CT.tab              

We're almost there! Now to calculate the percentages or proportions by column of data, we need to ungroup our data (*using group_by(NULL)*) and then call up *mutate()* one more time.

To make a nicer looking table, let's only select the columns we want to present. 

In [None]:
CT.tab.prop <- CT.tab |> group_by(NULL) |> # we need to ungroup our data or the summaries will
                                           # continue to be by values of q9
                    mutate(pct.private = 100*(private/sum(private)),
                           pct.public = 100*(public/sum(public)))
                    
CT.tab.prop |> select(q9, pct.private, pct.public)

## Mean comparisons and difference of means tests

Mean comparisons are easier, and we can calculate the mean comparison test simply by grouping our data and then running *summarise* with the *mean* function. Grouping is done by the independent variable in a mean comparison test, we are calculating the average of the dependent variable.

In [None]:
MC.tab <- public.hosp.recode |>
                    group_by(public) |>
                    summarise("Mean of q9" = mean(q9))

MC.tab

Hmmm. These look pretty similar. I'm not sure there is much of an effect of the public hospital prompt in the survey experiment.
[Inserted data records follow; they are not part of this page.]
(* Let $a_0,b_0,C_0,C_1,g_3,z_0$ be complex constants with $b_0\neq0$, put $$g_2=\frac{C_0^2+24C_1b_0}{12b_0^2},$$ and let $R(z)=\wp(z-z_0;g_2,g_3)$. Then the function $$y(z)=-\frac{C_0}{12b_0}+R(z)$$ is a solution of the third order ordinary differential equation $$a_0y_{zzz}-12a_0yy_z+b_0y_{zz}-\frac{a_0C_0}{b_0}y_z-6b_0y^2-C_0y+C_1=0 .$$
   Context: $\wp(z;g_2,g_3)$ denotes the Weierstrass elliptic function with invariants $g_2,g_3$, the general solution (up to translation of $z$) of $R_z^2-4R^3+g_2R+g_3=0$; subscripts $z$ denote derivatives with respect to $z$. *)

From Stdlib Require Import Reals.
From Coquelicot Require Export Coquelicot.
Open Scope C_scope.

Definition Cderiv (f : C -> C) (z l : C) : Prop :=
  @is_derive C_AbsRing C_NormedModule f z l.

Definition Copen (D : C -> Prop) : Prop := @open C_UniformSpace D.

Definition Cconnected (D : C -> Prop) : Prop :=
  forall U V : C -> Prop, Copen U -> Copen V ->
    (forall z, D z -> U z \/ V z) ->
    (exists z, D z /\ U z) -> (exists z, D z /\ V z) ->
    exists z, D z /\ U z /\ V z.

(* P is (a branch on the domain D of) the Weierstrass function wp(z; g2, g3):
   a non-constant holomorphic solution on the open connected set D of
   P_z^2 = 4 P^3 - g2 P - g3.  P' is its derivative. *)
Definition is_wp_on (g2 g3 : C) (D : C -> Prop) (P P' : C -> C) : Prop :=
  Copen D /\ Cconnected D /\ (exists z, D z) /\
  (forall z, D z -> Cderiv P z (P' z)) /\
  (exists z1 z2, D z1 /\ D z2 /\ P z1 <> P z2) /\
  (forall z, D z -> P' z * P' z = 4 * (P z * P z * P z) - g2 * P z - g3).

From Stdlib Require Import Reals Lra Psatz Classical.
From Coquelicot Require Import Coquelicot.
Open Scope C_scope.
Let's test it more formally by calculating a t-test, which evaluates whether $\bar{y_{private}} - \bar{y_{public}}$ is significantly different from the null hypothesis of 0. 

In [None]:
t.test(q9 ~ public, data = public.hosp.recode, var.equal = TRUE)

What do you think? Is the experimental treatment significantly related to evaluations of whether the hospital acts in the interest of patients?